If the media was willing to delve deeper, and understand the bigger picture, they might see the climate-centric view of the world is too simplistic a view. There are many of us out here who do not fall into the “climate doomer” category, despite our push back on the relentless drive for renewables in the media. There are many of us out here who are concerned with the health and flourishing of Earth’s ecosystems, who are desperately concerned with all the symptoms of ecological overshoot, who see more extraction in the name of “technology” as worsening the situation, not improving it, and most importantly, who are working hard to protect the natural world.

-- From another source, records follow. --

(* Let $R$ be a Hecke symmetry and let $\int:H_R\to\mathbb{K}$ be a left integral on $H_R$. Then $\int(x)=0$ for every element $x\in H_R$ that is homogeneous of nonzero degree with respect to the $\mathbb{Z}$-grading $\deg z^i_j=1$, $\deg t^i_j=-1$.
   Context: $\mathbb{K}$ is a field of characteristic zero, $q\in\mathbb{K}^\times$ not a root of unity ($q=1$ allowed). $R$ is a Hecke symmetry on $V$ (basis $x_1,\dots,x_d$, $(x_i\otimes x_j)R=\sum x_k\otimes x_lR^{kl}_{ij}$): invertible, satisfying Yang–Baxter, $(R+1)(R-q)=0$, and closed (a matrix $P$ with $\sum R^{il}_{jk}P^{km}_{ln}=\delta^i_n\delta^m_j$ exists). $H_R$ is the Hopf envelope of the bialgebra $E_R$; it is generated by $z^i_j$ and $t^i_j$ ($1\le i,j\le d$) subject to $\sum R^{mn}_{ij}z^k_mz^l_n=\sum z^p_iz^s_jR^{kl}_{ps}$, $\sum_jt^i_jz^j_k=\delta^i_k$, $\sum_jz^i_jt^j_k=\delta^i_k$, with $\Delta(z^j_i)=\sum_k z^j_k\otimes z^k_i$, $\Delta(t^j_i)=\sum_k t^k_i\otimes t^j_k$, antipode $S(z^i_j)=t^i_j$; these relations are homogeneous for the grading $\deg z=1$, $\deg t=-1$. A left integral is a linear functional $\int$ with $\int(x)=\sum x_{(1)}\int(x_{(2)})$ whenever $\Delta(x)=\sum x_{(1)}\otimes x_{(2)}$. *)

From HB Require Import structures.
From mathcomp Require Import all_boot all_order all_algebra.
Set Implicit Arguments. Unset Strict Implicit. Unset Printing Implicit Defensive.
Import Order.TTheory GRing.Theory Num.Theory.
Local Open Scope ring_scope.

(* Linear operators on a space with finite basis T, given by their     *)
(* coefficients w.r.t. a RIGHT action:  (e_a) A = sum_b A a b e_b.     *)
(* Composition "first A then B".                                       *)
Section Ops.
Variable K : fieldType.

Definition opcomp (T : finType) (A B : T -> T -> K) : T -> T -> K :=
  fun a c => \sum_b A a b * B b c.

Definition opid (T : finType) : T -> T -> K := fun a b => (a == b)%:R.

Variable d : nat.
Notation V2 := ('I_d * 'I_d)%type.
Notation V3 := ('I_d * 'I_d * 'I_d)%type.

(* R (i,j) (k,l) = R^{kl}_{ij}, i.e. (x_i (x) x_j) R = sum x_k (x) x_l R^{kl}_{ij} *)
Definition R12 (R : V2 -> V2 -> K) : V3 -> V3 -> K :=
  fun a b => R (a.1.1, a.1.2) (b.1.1, b.1.2) * (a.2 == b.2)%:R.
Definition R23 (R : V2 -> V2 -> K) : V3 -> V3 -> K :=
  fun a b => (a.1.1 == b.1.1)%:R * R (a.1.2, a.2) (b.1.2, b.2).

Definition hecke_symmetry (q : K) (R : V2 -> V2 -> K) : Prop :=
  [/\ (exists Ri : V2 -> V2 -> K,
         opcomp R Ri =2 (fun a b => opid a b) /\ opcomp Ri R =2 (fun a b => opid a b)),
      opcomp (opcomp (R12 R) (R23 R)) (R12 R)
        =2 opcomp (opcomp (R23 R) (R12 R)) (R23 R),
      opcomp (fun a b => R a b + opid a b) (fun a b => R a b - q * opid a b)
        =2 (fun _ _ => 0)
    & (* closedness: sum_{k,l} R^{il}_{jk} P^{km}_{ln} = delta^i_n delta^m_j,
         with P k m l n = P^{km}_{ln} *)
      exists P : 'I_d -> 'I_d -> 'I_d -> 'I_d -> K,
        forall i j m n : 'I_d,
          \sum_(k < d) \sum_(l < d) R (j, k) (i, l) * P k m l n
            = ((i == n) && (m == j))%:R].

(* The free algebra on the generators z^i_j, t^i_j.                    *)
(* A generator is (b, i, j): b = true means z^i_j, b = false t^i_j.    *)
(* Elements of the free algebra are formal finite sums of words,       *)
(* represented by lists of (coefficient, word); two lists represent    *)
(* the same element iff they have the same coefficient function coef.  *)
Definition gen := (bool * 'I_d * 'I_d)%type.
Definition word := seq gen.
Definition fsum := seq (K * word).

Definition zg (i j : 'I_d) : gen := (true, i, j).
Definition tg (i j : 'I_d) : gen := (false, i, j).

Definition coef (p : fsum) (w : word) : K := \sum_(e <- p | e.2 == w) e.1.

Definition rel_RTT (R : V2 -> V2 -> K) (i j k l : 'I_d) : fsum :=
  [seq (R (i, j) mn, [:: zg k mn.1; zg l mn.2]) | mn <- enum (Finite.clone _ V2)]
  ++ [seq (- R ps (k, l), [:: zg ps.1 i; zg ps.2 j]) | ps <- enum (Finite.clone _ V2)].
Definition rel_tz (i k : 'I_d) : fsum :=
  [seq (1, [:: tg i j; zg j k]) | j <- enum 'I_d] ++ [:: (- (i == k)%:R, [::])].
Definition rel_zt (i k : 'I_d) : fsum :=
  [seq (1, [:: zg i j; tg j k]) | j <- enum 'I_d] ++ [:: (- (i == k)%:R, [::])].

Definition is_rel (R : V2 -> V2 -> K) (r : fsum) : Prop :=
  (exists i j k l, r = rel_RTT R i j k l) \/
  (exists i k, r = rel_tz i k) \/ (exists i k, r = rel_zt i k).

Definition sandwich (c : K) (u : word) (r : fsum) (v : word) : fsum :=
  [seq (c * e.1, u ++ e.2 ++ v) | e <- r].

(* membership in the two-sided ideal I generated by the relations;
   H_R = free algebra / I *)
Definition in_ideal (R : V2 -> V2 -> K) (p : fsum) : Prop :=
  exists s : seq (K * word * fsum * word),
    (forall e, e \in s -> is_rel R e.1.2) /\
    forall w, coef p w
      = coef (flatten [seq sandwich e.1.1.1 e.1.1.2 e.1.2 e.2 | e <- s]) w.

(* A linear functional on the free algebra is given by its values on words. *)
Definition ev (f : word -> K) (p : fsum) : K := \sum_(e <- p) e.1 * f e.2.

Definition delta_gen (g : gen) : seq (gen * gen) :=
  let: (b, j, i) := g in
  if b then [seq (zg j k, zg k i) | k <- enum 'I_d]
  else [seq (tg k i, tg j k) | k <- enum 'I_d].

Fixpoint deltaw (w : word) : seq (word * word) :=
  match w with
  | [::] => [:: ([::], [::])]
  | g :: w' => [seq (ab.1 :: uv.1, ab.2 :: uv.2) | ab <- delta_gen g, uv <- deltaw w']
  end.

(* (id (x) f) o Delta *)
Definition id_tensor (f : word -> K) (p : fsum) : fsum :=
  [seq (e.1 * f uv.2, uv.1) | e <- p, uv <- deltaw e.2].

(* f is a linear functional on H_R (vanishes on I) which is a left integral:
   sum x_(1) f(x_(2)) = f(x) 1 in H_R for every x. *)
Definition left_integral (R : V2 -> V2 -> K) (f : word -> K) : Prop :=
  (forall p, in_ideal R p -> ev f p = 0) /\
  (forall p, in_ideal R (id_tensor f p ++ [:: (- ev f p, [::])])).

Definition deg (w : word) : int := \sum_(g <- w) (if g.1.1 then 1 else -1).

Definition homogeneous (n : int) (p : fsum) : Prop :=
  forall e, e \in p -> deg e.2 = n.

End Ops.

From mathcomp Require Import all_boot all_order all_algebra.
From mathcomp Require Import ring.
Import GRing.Theory.

(** The counit of H_R (z^i_j, t^i_j |-> delta_ij) is multiplicative
    and kills the defining relations, which are homogeneous; hence its
    degree-0 part [counit_deg0] vanishes on the relation ideal as well, i.e.
    it is a functional on H_R.  Apply it to the integral identity
    sum x_(1) int(x_(2)) = int(x) 1 for x homogeneous of degree n <> 0:
    the coproduct gives every left factor x_(1) degree n, so the left side
    is killed, while [counit_deg0] 1 = 1.  (The counit itself would only
    give the tautology int(x) = int(x).) *)

Set Implicit Arguments.
Unset Strict Implicit.
Unset Printing Implicit Defensive.
Local Open Scope ring_scope.

Lemma sum_enum_delta (S : pzSemiRingType) (T : finType) (a : T) (F : T -> S) :
  \sum_(x <- enum T) F x * (x == a)%:R = F a.
Proof.
rewrite big_enum (bigD1 a) //= eqxx mulr1 big1 ?addr0 // => x /negPf ->.
exact: mulr0.
Qed.

Lemma natr_pair_eq (S : pzSemiRingType) (T1 T2 : eqType) (a b : T1 * T2) :
  (a.1 == b.1)%:R * (a.2 == b.2)%:R = (a == b)%:R :> S.
Proof. by rewrite -natrM mulnb. Qed.

Section FreeAlgebra.
Variables (K : fieldType) (d : nat).
Implicit Types (f : word d -> K) (p r : fsum K d) (u v w : word d).

Lemma ev_cat f p r : ev f (p ++ r) = ev f p + ev f r.
Proof. by rewrite /ev big_cat. Qed.

Lemma ev_coef f p (s : seq (word d)) :
  uniq s -> {subset map snd p <= s} -> ev f p = \sum_(w <- s) coef p w * f w.
Proof.
move=> s_uniq p_s; under [RHS]eq_bigr do rewrite /coef big_distrl.
rewrite /= (exchange_big_dep xpredT) //=; apply: eq_big_seq => e e_p.
rewrite (eq_bigl (pred1 e.2)) => [|w]; last exact: eq_sym.
by rewrite -big_filter filter_pred1_uniq ?big_seq1 // p_s ?map_f.
Qed.

Lemma ev_eq_coef f p r : coef p =1 coef r -> ev f p = ev f r.
Proof.
move=> eq_pr; set s := undup (map snd (p ++ r)).
rewrite (@ev_coef _ _ s) ?(@ev_coef _ r s) ?undup_uniq //.
- by apply: eq_bigr => w _; rewrite eq_pr.
all: by move=> w w_pr; rewrite mem_undup map_cat mem_cat w_pr ?orbT.
Qed.

Lemma ev_map f (T : Type) (F : T -> K * word d) (s : seq T) :
  ev f (map F s) = \sum_(x <- s) (F x).1 * f (F x).2.
Proof. by rewrite /ev big_map. Qed.

Lemma ev_seq1 f (c : K) w : ev f [:: (c, w)] = c * f w.
Proof. by rewrite /ev big_seq1. Qed.

Lemma ev_flatten f (ps : seq (fsum K d)) :
  ev f (flatten ps) = \sum_(p <- ps) ev f p.
Proof. by rewrite /ev big_flatten. Qed.

Lemma deg_cons (g : gen d) w : deg (g :: w) = (if g.1.1 then 1 else -1) + deg w.
Proof. by rewrite /deg big_cons. Qed.

Lemma deg_cat u v : deg (u ++ v) = deg u + deg v.
Proof. by rewrite /deg big_cat. Qed.

Lemma deg_deltaw_fst w uv : uv \in deltaw w -> deg uv.1 = deg w.
Proof.
elim: w uv => [|g w IHw] uv /=; first by rewrite inE => /eqP ->.
case/allpairsPdep => ab [uv' [ab_g uv'_w ->]] /=.
rewrite !deg_cons (IHw _ uv'_w); congr (_ + _).
by case: g ab_g => [[[] j] i] /mapP [k _ ->].
Qed.

Lemma homogeneous_id_tensor f (n : int) p :
  homogeneous n p -> homogeneous n (id_tensor f p).
Proof.
move=> p_hom _ /allpairsPdep [e [uv [e_p uv_e ->]]] /=.
by rewrite (deg_deltaw_fst uv_e) p_hom.
Qed.

End FreeAlgebra.

Section Counit.
Variables (K : fieldType) (d : nat) (R : 'I_d * 'I_d -> 'I_d * 'I_d -> K).
Implicit Types (p r : fsum K d) (u v w : word d).

Definition counit w : K := \prod_(g <- w) (g.1.2 == g.2)%:R.

Definition counit_deg0 w : K := if deg w == 0 then counit w else 0.

Lemma counit_nil : counit [::] = 1.
Proof. by rewrite /counit big_nil. Qed.

Lemma counit_deg0_nil : counit_deg0 [::] = 1.
Proof. by rewrite /counit_deg0 /deg big_nil eqxx counit_nil. Qed.

Lemma counit_cat u v : counit (u ++ v) = counit u * counit v.
Proof. by rewrite /counit big_cat. Qed.

Lemma counit_pair (g h : gen d) :
  counit [:: g; h] = (g.1.2 == g.2)%:R * (h.1.2 == h.2)%:R.
Proof. by rewrite /counit !big_cons big_nil mulr1. Qed.

Lemma counit_deg0_sandwich (c : K) u r v (n : int) :
  homogeneous n r -> ev counit r = 0 -> ev counit_deg0 (sandwich c u r v) = 0.
Proof.
move=> r_hom r_counit; rewrite /ev /sandwich big_map.
have -> : \sum_(e <- r) c * e.1 * counit_deg0 (u ++ e.2 ++ v)
    = c * counit u * counit v * (deg u + n + deg v == 0)%:R * ev counit r.
  rewrite /ev mulr_sumr big_seq [RHS]big_seq; apply: eq_bigr => e e_r.
  rewrite /counit_deg0 !deg_cat !counit_cat r_hom // addrA.
  by case: eqP => _ /=; rewrite ?mulr0 ?mul0r //; ring.
by rewrite r_counit mulr0.
Qed.

Lemma counit_deg0_homogeneous (n : int) p :
  n != 0 -> homogeneous n p -> ev counit_deg0 p = 0.
Proof.
move=> n_neq0 p_hom; rewrite /ev big_seq big1 // => e e_p.
by rewrite /counit_deg0 p_hom // (negPf n_neq0) mulr0.
Qed.

Lemma counit_RTT i j k l : ev counit (rel_RTT R i j k l) = 0.
Proof.
rewrite /rel_RTT ev_cat !ev_map.
under eq_bigr => mn _ do rewrite counit_pair /= (natr_pair_eq _ (k, l)) eq_sym.
under [X in _ + X]eq_bigr => ps _ do
  rewrite counit_pair /= (natr_pair_eq _ _ (i, j)).
by rewrite !sum_enum_delta addrN.
Qed.

Lemma counit_tz i k : ev counit (rel_tz K i k) = 0.
Proof.
rewrite /rel_tz ev_cat ev_map.
under eq_bigr => j _ do rewrite counit_pair /= mul1r.
by rewrite sum_enum_delta ev_seq1 counit_nil mulr1 addrN.
Qed.

Lemma counit_zt i k : ev counit (rel_zt K i k) = 0.
Proof.
rewrite /rel_zt ev_cat ev_map.
under eq_bigr => j _ do rewrite counit_pair /= mul1r.
by rewrite sum_enum_delta ev_seq1 counit_nil mulr1 addrN.
Qed.

Lemma counit_rel r : is_rel R r -> ev counit r = 0.
Proof.
by case=> [[i [j [k [l ->]]]]|[[i [k ->]]|[i [k ->]]]];
  rewrite ?counit_RTT ?counit_tz ?counit_zt.
Qed.

Lemma rel_homogeneous r : is_rel R r -> exists n, homogeneous n r.
Proof.
case=> [[i [j [k [l ->]]]]|[[i [k ->]]|[i [k ->]]]].
- by exists 2 => e; rewrite mem_cat => /orP [] /mapP [x _ ->];
    rewrite /deg !big_cons big_nil.
- by exists 0 => e; rewrite mem_cat inE => /orP [/mapP [x _ ->]|/eqP ->];
    rewrite /deg ?big_cons big_nil.
- by exists 0 => e; rewrite mem_cat inE => /orP [/mapP [x _ ->]|/eqP ->];
    rewrite /deg ?big_cons big_nil.
Qed.

Lemma counit_deg0_ideal p : in_ideal R p -> ev counit_deg0 p = 0.
Proof.
case=> s [s_rel coef_p].
rewrite (ev_eq_coef _ coef_p) ev_flatten big_map big_seq.
apply: big1 => e e_s; have [n r_hom] := rel_homogeneous (s_rel e e_s).
exact: counit_deg0_sandwich r_hom (counit_rel (s_rel e e_s)).
Qed.

End Counit.

Theorem lemma4p1 (K : fieldType) (d : nat) (q : K)
    (R : 'I_d * 'I_d -> 'I_d * 'I_d -> K) :
  [pchar K] =i pred0 ->
  q != 0 ->
  (q = 1 \/ forall n : nat, (0 < n)%N -> q ^+ n != 1) ->
  hecke_symmetry q R ->
  forall f : word d -> K, left_integral R f ->
  forall (n : int) (p : fsum K d), n != 0 -> homogeneous n p -> ev f p = 0.
Proof.
move=> _ _ _ _ f [_ f_integral] n p n_neq0 p_hom.
have := counit_deg0_ideal (f_integral p).
rewrite ev_cat (counit_deg0_homogeneous n_neq0 (homogeneous_id_tensor p_hom)).
rewrite add0r ev_seq1 counit_deg0_nil mulr1 => /eqP.
by rewrite oppr_eq0 => /eqP.
Qed.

We are the deep green environmentalists — the ones who understand that the natural world is primary, for without it, human animals will not have food, water, shelter, and community. We are the ones who don’t want to live in a world paved over with concrete and poisoned with chemicals and with no old growth forests left and no tall grass prairies left, with no Northern Right whales in the oceans, and no sage-grouse booming in the sagebrush steppe.
We see climate change as just one of many problems we face, and see solutions in understanding that we are human animals, rather than in more technology. We see ourselves not at the top of some imagined hierarchy but as part of a web of life; not as separate from or more important than the connected natural communities of the world, but completely dependent on these communities and their flourishing.
Remember the title of William Catton’s book? Overshoot: The Ecological Basis of Revolutionary Change. “Revolutionary” means “involving or causing a complete or dramatic change.” We deep greens are the ones who are fighting for revolutionary change. We are fighting to save the planet — really save it, not just pretend we can save it with technology to reduce carbon. Does that sound “doomer” to you? Granted there are some who likely have given up, and I included a circle for them too — the “deep green doomers”. But I’ve never met one. Never. Every deep green environmentalist I know is an activist working for revolutionary change. Every single one.
The mainstream media never talks about us deep green environmentalists. With corporate masters to serve, thousands of young people marching in the streets demanding solar panels and wind turbines is what writes the headlines. Extremes sell, so reporting on “climate doomers” grabs the eyeballs.
What doesn’t work is reporting on the slow, painstaking work of saving a species of tiny frog from a geothermal development, or the tedious late nights it takes to file lawsuits to protect sage-grouse habitat and organize people to prevent timber sales or stand in front of bulldozers. But this is what it takes to actually save the planet. Not greenwash it, not replace overconsumption of one non-renewable material extracted from the Earth with overconsumption of another in a desperate attempt to keep this way of life going when it’s obvious to anyone who is paying attention that’s impossible.
What really doesn’t work is suggesting, even the tiniest little bit, that the dominant paradigm of infinite economic growth on a finite planet is a recipe for failure, as illustrated in the graph of ecological overshoot. The editors at mainstream media outlets in the pockets of corporate masters and government policy makers would never let an article like that get published, would they?